§ What the task requires
Copy exactly the lines of the material below that run from the one containing "(forall h, H" through the one containing "Definition internal_nielsen_schreier : Prop". Copy no other lines.
──────── Extracted entries ────────
(* Fix $0<\epsilon<1$. Let $A\in\mathbb{R}^{m\times n}$ have i.i.d. $\mathcal{N}(0,1/m)$ entries with rows $\{a_\ell\}_{\ell=1}^m$, and let $Z$ be a $k$-dimensional subspace of $\mathbb{R}^n$. Let $E_{Z,A}$ be the event that there exists a set $Z_0\subset Z$ such that: each $z_0\in Z_0$ satisfies $\langle a_\ell,z_0\rangle\neq0$ for all $\ell\in[m]$; $|Z_0|\leqslant10m^{2k}$; and for all $z\in Z$ with $\|z\|=1$ there exists $z_0\in Z_0$ with $\|z-z_0\|\leqslant\epsilon$. There are positive absolute constants $C_2,c$ and a constant $\hat C$ depending polynomially on $\epsilon^{-1}$ such that if $m\geqslant\hat Ck$, then $\mathbb{P}(E_{Z,A})\geqslant1-C_2\exp(-c\epsilon m)$. *)

From HB Require Import structures.
From mathcomp Require Import all_boot all_order all_algebra.
From mathcomp Require Import all_classical all_reals all_analysis.
From mathcomp Require Import normal_distribution.

Set Implicit Arguments.
Unset Strict Implicit.
Unset Printing Implicit Defensive.

Import Order.TTheory GRing.Theory Num.Theory.
Local Open Scope classical_set_scope.
Local Open Scope ring_scope.

Definition enorm {R : realType} {n : nat} (v : 'rV[R]_n) : R :=
  Num.sqrt (\sum_(j < n) v 0 j ^+ 2).
(* Let $n=3$, let $a_{11},a_{22},a_{33}\ge0$, and let $a_{13}=a_{21}=a_{32}=1$ and $a_{12}=a_{23}=a_{31}=0$. Then there exist $\pi_1,\pi_2,\pi_3>0$ such that $$\kappa:=\min_{i=1,2,3}\Big(8\pi_ia_{ii}-\sum_{j=1,\,j\ne i}^3\pi_ja_{ji}\Big)>0$$ if and only if $a_{11}a_{22}a_{33}>8^{-3}$. *)

From Stdlib Require Import Reals.
Open Scope R_scope.

Definition amat (a11 a22 a33 : R) (i j : nat) : R :=
  match i, j with
  | 1%nat, 1%nat => a11
  | 2%nat, 2%nat => a22
  | 3%nat, 3%nat => a33
  | 1%nat, 3%nat => 1
  | 2%nat, 1%nat => 1
  | 3%nat, 2%nat => 1
  | _, _ => 0
  end.

Definition kterm (a : nat -> nat -> R) (pi : nat -> R) (i : nat) : R :=
  8 * pi i * a i i
  - (if Nat.eqb i 1 then 0 else pi 1%nat * a 1%nat i)
  - (if Nat.eqb i 2 then 0 else pi 2%nat * a 2%nat i)
  - (if Nat.eqb i 3 then 0 else pi 3%nat * a 3%nat i).

Definition kappa (a : nat -> nat -> R) (pi : nat -> R) : R :=
  Rmin (kterm a pi 1%nat) (Rmin (kterm a pi 2%nat) (kterm a pi 3%nat)).

From Stdlib Require Import Reals Lra Psatz.
Open Scope R_scope.

(* With x = 8 a11, y = 8 a22, z = 8 a33, positivity of kappa says
   pi2 < x pi1, pi3 < y pi2 and pi1 < z pi3. Going once around this cycle gives
   pi1 < x y z pi1, so x y z > 1. Conversely, if x y z > 1, fix pi1 = 1 and
   pi3 = m / z with 1 < m < x y z; then any pi2 strictly between m / (y z) and x
   closes the cycle. *)

Lemma Rmin3_pos_iff (a b c : R) :
  0 < Rmin a (Rmin b c) <-> 0 < a /\ 0 < b /\ 0 < c.
Proof.
  split.
  - intros H.
    pose proof (Rmin_l a (Rmin b c)); pose proof (Rmin_r a (Rmin b c)).
    pose proof (Rmin_l b c); pose proof (Rmin_r b c).
    lra.
  - intros (Ha & Hb & Hc).
    apply Rmin_glb_lt; [| apply Rmin_glb_lt]; assumption.
Qed.

Lemma kappa_amat_pos_iff (a11 a22 a33 : R) (pi : nat -> R) :
  kappa (amat a11 a22 a33) pi > 0 <->
  pi 2%nat < 8 * a11 * pi 1%nat /\
  pi 3%nat < 8 * a22 * pi 2%nat /\
  pi 1%nat < 8 * a33 * pi 3%nat.
Proof.
  unfold kappa, kterm, amat, Rgt; simpl.
  rewrite Rmin3_pos_iff.
  lra.
Qed.

Lemma cyclic_chain_product_gt_1 (x y z p1 p2 p3 : R) :
  0 < p1 -> 0 < p2 -> 0 < p3 ->
  p2 < x * p1 -> p3 < y * p2 -> p1 < z * p3 ->
  1 < x * y * z.
Proof.
  intros P1 P2 P3 C1 C2 C3.
  assert (Hz : 0 < z) by nra.
  assert (Hyz : 0 < y * z) by nra.
  assert (around : p1 < x * y * z * p1).
  { apply Rlt_trans with (z * p3); [exact C3 |].
    apply Rlt_trans with (y * z * p2); [nra |].
    replace (x * y * z * p1) with (y * z * (x * p1)) by ring.
    now apply Rmult_lt_compat_l. }
  nra.
Qed.

Lemma cyclic_chain_of_product_gt_1 (x y z : R) :
  0 <= x -> 0 <= y -> 0 <= z -> 1 < x * y * z ->
  exists p1 p2 p3 : R, 0 < p1 /\ 0 < p2 /\ 0 < p3 /\
    p2 < x * p1 /\ p3 < y * p2 /\ p1 < z * p3.
Proof.
  intros Hx Hy Hz Hxyz.
  assert (Hxy : 0 < x * y) by nra.
  assert (Hz' : 0 < z) by nra.
  assert (Hy' : 0 < y) by nra.
  assert (Hyz : 0 < y * z) by nra.
  set (m := (1 + x * y * z) / 2).
  set (lower := m / (y * z)).
  set (p2 := (lower + x) / 2).
  assert (lower_pos : 0 < lower) by (apply Rdiv_lt_0_compat; unfold m; lra).
  assert (lower_lt_x : lower < x).
  { apply (Rmult_lt_reg_r (y * z)); [exact Hyz |].
    unfold lower, m; field_simplify; lra. }
  exists 1, p2, (m / z).
  assert (p3_eq : m / z = y * lower) by (unfold lower; field; lra).
  assert (z_p3_eq : z * (m / z) = m) by (field; lra).
  rewrite z_p3_eq, p3_eq.
  unfold p2, m.
  repeat split; nra.
Qed.

Lemma cube_scaled_gt_1_iff (a b c : R) :
  a * b * c > / (8 ^ 3) <-> 1 < (8 * a) * (8 * b) * (8 * c).
Proof.
  replace ((8 * a) * (8 * b) * (8 * c)) with (8 ^ 3 * (a * b * c)) by ring.
  assert (H8 : 0 < 8 ^ 3) by lra.
  split; intros H.
  - rewrite <- (Rinv_r (8 ^ 3)) by lra.
    now apply Rmult_lt_compat_l.
  - apply (Rmult_lt_reg_l (8 ^ 3)); [exact H8 |].
    now rewrite Rinv_r by lra.
Qed.

Theorem lemma15 (a11 a22 a33 : R) :
  0 <= a11 -> 0 <= a22 -> 0 <= a33 ->
  ((exists pi : nat -> R,
       0 < pi 1%nat /\ 0 < pi 2%nat /\ 0 < pi 3%nat /\
       kappa (amat a11 a22 a33) pi > 0)
   <-> a11 * a22 * a33 > / (8 ^ 3)).
Proof.
  intros H1 H2 H3.
  rewrite cube_scaled_gt_1_iff.
  split.
  - intros (pi & P1 & P2 & P3 & K).
    apply kappa_amat_pos_iff in K as (C1 & C2 & C3).
    exact (cyclic_chain_product_gt_1 _ _ _ _ _ _ P1 P2 P3 C1 C2 C3).
  - intros Hxyz.
    destruct (cyclic_chain_of_product_gt_1 (8 * a11) (8 * a22) (8 * a33))
      as (p1 & p2 & p3 & P1 & P2 & P3 & C); [lra | lra | lra | exact Hxyz |].
    exists (fun i => match i with 1%nat => p1 | 2%nat => p2 | _ => p3 end).
    repeat split; try assumption.
    now apply kappa_amat_pos_iff.
Qed.
(* Let $\epsilon:B\to A$ be a local augmentation, with section $j:A\to B$ ($\epsilon j=\mathrm{id}_A$). Let $C$ be the subgroup of the group of units of $B$ generated by $$\{(1+ab)(1+ba)^{-1}\mid a,b\in B,\ \epsilon(ab)=\epsilon(ba)=0\}.$$ Then $C$ is a normal subgroup of $\epsilon^{-1}(1)$, and there is a canonical isomorphism $$K_1(B)\cong K_1(A)\oplus \frac{\epsilon^{-1}(1)}{C},$$ given on $K_1(A)$ by the map induced by $j$ and on $\epsilon^{-1}(1)/C$ by sending the class of a unit $u\in\epsilon^{-1}(1)$ to the class $[u]\in K_1(B)$ of the $1\times1$ invertible matrix $(u)$.
   Context: Rings are associative with $1$. A ring homomorphism $f:B\to A$ is local if every square matrix $\alpha$ with entries in $B$ such that $f(\alpha)$ is invertible is itself invertible. An augmentation is a pair of ring homomorphisms $\epsilon:B\to A$, $j:A\to B$ with $\epsilon j=\mathrm{id}_A$; a local augmentation is an augmentation for which $\epsilon$ is local. Note every element of $\epsilon^{-1}(1)$ is a unit of $B$. $K_1(R)$ denotes the abelianization of $\mathrm{GL}(R)=\varinjlim \mathrm{GL}_n(R)$. *)

From mathcomp Require Import all_boot all_algebra.
Set Implicit Arguments. Unset Strict Implicit. Unset Printing Implicit Defensive.
Import GRing.Theory.
Local Open Scope ring_scope.

Section K1.
Variable R : pzRingType.

Definition invertible_mx (n : nat) (M : 'M[R]_n) : Prop :=
  exists N : 'M[R]_n, M *m N = 1%:M /\ N *m M = 1%:M.

(* Stabilisation GL_n -> GL_p (n <= p): M |-> diag(M, 1_{p-n}). *)
Definition stab (p n : nat) (M : 'M[R]_n) : 'M[R]_p :=
  \matrix_(i < p, k < p)
    match (insub (val i) : option 'I_n), (insub (val k) : option 'I_n) with
    | Some i', Some k' => M i' k'
    | _, _ => ((val i == val k)%N)%:R
    end.

Inductive commprod (p : nat) : 'M[R]_p -> Prop :=
| commprod1 : commprod 1%:M
| commprodS : forall (X g gi h hi : 'M[R]_p),
    g *m gi = 1%:M -> gi *m g = 1%:M ->
    h *m hi = 1%:M -> hi *m h = 1%:M ->
    commprod X -> commprod (X *m (g *m h *m gi *m hi)).

(* Equality of classes in K_1(R) = GL(R)/[GL(R),GL(R)], GL(R) = colim GL_n(R):
   [M] = [N] iff after stabilising to a common size p,
   stab M * (stab N)^-1 lies in [GL_p(R), GL_p(R)]. *)
Definition K1eq (n m : nat) (M : 'M[R]_n) (N : 'M[R]_m) : Prop :=
  exists p : nat, [/\ (n <= p)%N, (m <= p)%N &
    exists X : 'M[R]_p, commprod X /\ stab p M = X *m stab p N].
End K1.

Section Aug.
Variables (A B : pzRingType) (eps : {rmorphism B -> A}).

Definition local_hom : Prop :=
  forall (n : nat) (M : 'M[B]_n), invertible_mx (map_mx eps M) -> invertible_mx M.

(* The subgroup C of the units of B generated by the elements
   (1+ab)(1+ba)^{-1} with eps(ab) = eps(ba) = 0 (here w = (1+ba)^{-1}),
   as the set of finite words in generators and their inverses. *)
Inductive inC : B -> Prop :=
| inC1 : inC 1
| inCgen : forall x a b w : B,
    eps (a * b) = 0 -> eps (b * a) = 0 ->
    (1 + b * a) * w = 1 -> w * (1 + b * a) = 1 ->
    inC x -> inC (x * ((1 + a * b) * w))
| inCinv : forall x a b w y : B,
    eps (a * b) = 0 -> eps (b * a) = 0 ->
    (1 + b * a) * w = 1 -> w * (1 + b * a) = 1 ->
    ((1 + a * b) * w) * y = 1 -> y * ((1 + a * b) * w) = 1 ->
    inC x -> inC (x * y).

(* The map K_1(A) (+) eps^{-1}(1)/C -> K_1(B) on representatives:
   (x, u) |-> j_*[x] * [(u)], computed in GL_{n+1}(B). *)
Definition Phi (j : {rmorphism A -> B}) (n : nat) (x : 'M[A]_n) (u : B)
  : 'M[B]_n.+1 :=
  stab n.+1 (map_mx j x) *m stab n.+1 (u%:M : 'M[B]_1).
End Aug.

(* Write an invertible matrix y over B as y = j(eps y) * P, where P is congruent
   to 1 modulo ker eps.  By locality every pivot met when eliminating P is a unit
   with eps = 1, and the product of the pivots, schur_det P, is multiplicative and
   invariant under conjugation modulo C: both facts come from the Sylvester
   relation schur_det (1 + xy) = 1 + yx (mod C), whose 1 x 1 case is the defining
   relation (1 + ab) = (1 + ba) of C.  Hence y |-> schur_det P is a homomorphism
   K_1(B) -> eps^-1(1)/C, which recovers u from j_*[x][(u)] (injectivity), while
   the LDU factorisation of P gives [P] = [(schur_det P)] (surjectivity).  Finally
   C dies in K_1(B) by the Whitehead lemma: diag(1 + ab, (1 + ba)^-1) is a product
   of elementary matrices. *)

From mathcomp Require Import all_boot all_algebra.
From Stdlib Require Import ClassicalEpsilon.
Set Implicit Arguments. Unset Strict Implicit. Unset Printing Implicit Defensive.
Import GRing.Theory.
Local Open Scope ring_scope.

(** * Stabilisation and the commutator subgroup *)

Section Stabilisation.
Variable R : pzRingType.

Lemma stab_addn n k (M : 'M[R]_n) : stab (n + k) M = block_mx M 0 0 1%:M.
Proof.
apply/matrixP=> i j; rewrite -[i]splitK -[j]splitK.
case: (split i) => i'; case: (split j) => j' /=;
  rewrite ?block_mxEul ?block_mxEur ?block_mxEdl ?block_mxEdr !mxE /=.
- rewrite insubT ?ltn_ord //= => Hi'; rewrite insubT ?ltn_ord //= => Hj'.
  by congr (M _ _); apply: val_inj.
- rewrite insubT ?ltn_ord //= => Hi'; rewrite insubF ?ltnNge ?leq_addr //=.
  by case: eqP => // E; move: (ltn_ord i'); rewrite E ltnNge leq_addr.
- rewrite insubF ?ltnNge ?leq_addr //=.
  by case: eqP => // E; move: (ltn_ord j'); rewrite -E ltnNge leq_addr.
- by rewrite insubF ?ltnNge ?leq_addr //= eqn_add2l.
Qed.

Lemma stab_id n (M : 'M[R]_n) : stab n M = M.
Proof.
apply/matrixP=> i j; rewrite !mxE insubT ?ltn_ord //= => Hi.
by rewrite insubT ?ltn_ord //= => Hj; congr (M _ _); apply: val_inj.
Qed.

Lemma stabM n p (M N : 'M[R]_n) : (n <= p)%N ->
  stab p (M *m N) = stab p M *m stab p N.
Proof.
move=> /subnKC <-; rewrite !stab_addn mulmx_block.
by rewrite !mulmx0 !mul0mx !addr0 !add0r mul1mx.
Qed.

Lemma stab1 n p : (n <= p)%N -> stab p (1%:M : 'M[R]_n) = 1%:M.
Proof. by move=> /subnKC <-; rewrite stab_addn -scalar_mx_block. Qed.

Lemma stab_entry p n (M : 'M[R]_n) (i j : 'I_p) (i' j' : 'I_n) :
  val i = val i' -> val j = val j' -> stab p M i j = M i' j'.
Proof.
move=> Ei Ej; rewrite mxE insubT ?Ei //= => h1; rewrite insubT ?Ej //= => h2.
by congr (M _ _); apply: val_inj.
Qed.

Lemma stab_entry_out p n (M : 'M[R]_n) (i j : 'I_p) :
  ~~ ((i < n) && (j < n))%N -> stab p M i j = (val i == val j)%:R.
Proof.
rewrite negb_and mxE => /orP[] h; first by rewrite insubF //; apply/negbTE.
by case: (insub (val i) : option 'I_n) => // i'; rewrite insubF //; apply/negbTE.
Qed.

Lemma stab_stab n q p (M : 'M[R]_n) : (n <= q)%N -> (q <= p)%N ->
  stab p (stab q M) = stab p M.
Proof.
move=> le_nq le_qp; apply/matrixP=> i j.
have [/andP[lt_in lt_jn] | out] := boolP ((i < n) && (j < n))%N.
  have lt_iq := leq_trans lt_in le_nq; have lt_jq := leq_trans lt_jn le_nq.
  rewrite (stab_entry _ (i' := Ordinal lt_iq) (j' := Ordinal lt_jq)) //.
  by rewrite !(stab_entry _ (i' := Ordinal lt_in) (j' := Ordinal lt_jn)).
rewrite [RHS]stab_entry_out //.
have [/andP[lt_iq lt_jq] | out'] := boolP ((i < q) && (j < q))%N; last first.
  by rewrite stab_entry_out.
by rewrite (stab_entry _ (i' := Ordinal lt_iq) (j' := Ordinal lt_jq)) // stab_entry_out.
Qed.
(* The Nielsen–Schreier theorem — ''for every set $A$ and every subgroup $H$ of the free group $F_A$ on $A$, there exists a subset of $H$ that freely generates $H$'' — is false in the internal logic of the topos of nominal sets.
   Context: Work in a classical metatheory. Fix a countably infinite set $\mathbb{A}$ and let $\mathrm{Perm}(\mathbb{A})$ be the group of finitely supported permutations of $\mathbb{A}$ (bijections $\pi$ with $\pi(a)=a$ for all but finitely many $a$). For a $\mathrm{Perm}(\mathbb{A})$-set $(X,\cdot)$, a subset $S\subseteq\mathbb{A}$ supports $x\in X$ if $\pi\cdot x = x$ for every $\pi$ fixing all elements of $S$. The topos of nominal sets is the full subcategory of $\mathrm{Perm}(\mathbb{A})$-sets in which every element has a finite support. Free groups are understood in the usual sense (reduced words); a subset freely generates a group if the induced homomorphism from the free group on that subset is an isomorphism. *)

(* Nominal sets over the countably infinite set of atoms nat. *)
From Stdlib Require Import List Relations.
Import ListNotations.
Set Implicit Arguments.

Record finperm := FinPerm {
  fwd : nat -> nat;
  bwd : nat -> nat;
  fwd_bwd : forall a, fwd (bwd a) = a;
  bwd_fwd : forall a, bwd (fwd a) = a;
  fperm_fin : exists l : list nat, forall a, ~ In a l -> fwd a = a
}.

Definition finperm_inv (p : finperm) : finperm.
Proof.
  refine (@FinPerm (bwd p) (fwd p) (bwd_fwd p) (fwd_bwd p) _).
  destruct (fperm_fin p) as [l Hl]; exists l; intros a Ha.
  rewrite <- (Hl a Ha) at 1. apply bwd_fwd.
Defined.

Definition fixes (p : finperm) (l : list nat) : Prop :=
  forall a, In a l -> fwd p a = a.

Record nominal := Nominal {
  carrier :> Type;
  act : finperm -> carrier -> carrier;
  act_id : forall p x, (forall a, fwd p a = a) -> act p x = x;
  act_comp : forall p q r x, (forall a, fwd r a = fwd p (fwd q a)) ->
     act r x = act p (act q x);
  act_fin_supp : forall x : carrier, exists l : list nat,
     forall p, fixes p l -> act p x = x
}.

(** Words over letters (x, b): b = true is the generator x, b = false is x^-1. *)
Definition word (L : Type) := list (L * bool).

Inductive red1 {L : Type} : word L -> word L -> Prop :=
| red1_intro : forall l1 l2 x b,
    red1 (l1 ++ (x, b) :: (x, negb b) :: l2) (l1 ++ l2).

Definition fequiv {L : Type} : word L -> word L -> Prop :=
  clos_refl_sym_trans (word L) red1.

Definition reduced {L : Type} (w : word L) : Prop :=
  forall (l1 l2 : word L) (x : L) (b : bool), w <> l1 ++ (x, b) :: (x, negb b) :: l2.

Definition winv {L : Type} (w : word L) : word L :=
  rev (map (fun p => (fst p, negb (snd p))) w).

(** Elements of the free group F_X are the reduced words; F_X is a nominal set
    under the pointwise action on letters. *)
Definition word_act (X : nominal) (p : finperm) (w : word X) : word X :=
  map (fun l => (act X p (fst l), snd l)) w.

(** Subsets of F_X (predicates on words); action on subsets and finite support
    (internal subsets = finitely supported subsets). *)
Definition set_act (X : nominal) (p : finperm) (P : word X -> Prop) : word X -> Prop :=
  fun w => P (word_act X (finperm_inv p) w).

Definition fin_supported_set (X : nominal) (P : word X -> Prop) : Prop :=
  exists l : list nat, forall p, fixes p l -> forall w, set_act X p P w <-> P w.

Definition is_subgroup {L : Type} (H : word L -> Prop) : Prop :=
  (forall w, H w -> reduced w) /\
  H [] /\
  (forall u v w, H u -> H v -> reduced w -> fequiv (u ++ v) w -> H w) /\
  (forall u, H u -> H (winv u)).

(** The homomorphism F_S -> F_X induced by a subset S of F_X, on words over S
    (before reduction). *)
Definition geval {L : Type} (ws : word (word L)) : word L :=
  concat (map (fun p : word L * bool => if snd p then fst p else winv (fst p)) ws).

Definition over {L : Type} (S : word L -> Prop) (ws : word (word L)) : Prop :=
  Forall (fun p : word L * bool => S (fst p)) ws.

(** S freely generates H: S ⊆ H and the induced homomorphism F_S -> H is an
    isomorphism (bijective). *)
Definition freely_generates {L : Type} (S H : word L -> Prop) : Prop :=
  (forall s, S s -> H s) /\
  (forall h, H h -> exists ws, over S ws /\ reduced ws /\ fequiv (geval ws) h) /\
  (forall ws1 ws2, over S ws1 -> over S ws2 -> reduced ws1 -> reduced ws2 ->
     fequiv (geval ws1) (geval ws2) -> ws1 = ws2).

Definition internal_nielsen_schreier : Prop :=
  forall (A : nominal) (H : word A -> Prop),
    fin_supported_set A H -> is_subgroup H ->
    exists S : word A -> Prop,
      fin_supported_set A S /\ (forall s, S s -> H s) /\ freely_generates S H.

(* The commutator subgroup H of F_A, made of the reduced words whose exponent sum
   in every atom is 0, is equivariant, hence an internal subgroup. Suppose a finitely
   supported B freely generated H and take atoms a <> b outside a support of B. The
   transposition tau = (a b) maps B into itself and the commutator [a,b] to its inverse
   [b,a]; by uniqueness of reduced B-words, the B-word w of [a,b] satisfies
   tau(w) = w^-1, so the letters of w pair off as s^e and (tau s)^-e. The signed count
   [link a b] of occurrences of a before occurrences of b is additive on H and takes
   the same value on both letters of each pair, so [link a b [a,b]] would be even;
   but it is 1. *)

From Stdlib Require Import List Relations ZArith Lia Bool FinFun.
Import ListNotations.
Set Implicit Arguments.
Open Scope Z_scope.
────────
§ Answer to this task
  (forall h, H h -> exists ws, over S ws /\ reduced ws /\ fequiv (geval ws) h) /\
  (forall ws1 ws2, over S ws1 -> over S ws2 -> reduced ws1 -> reduced ws2 ->
     fequiv (geval ws1) (geval ws2) -> ws1 = ws2).

Definition internal_nielsen_schreier : Prop :=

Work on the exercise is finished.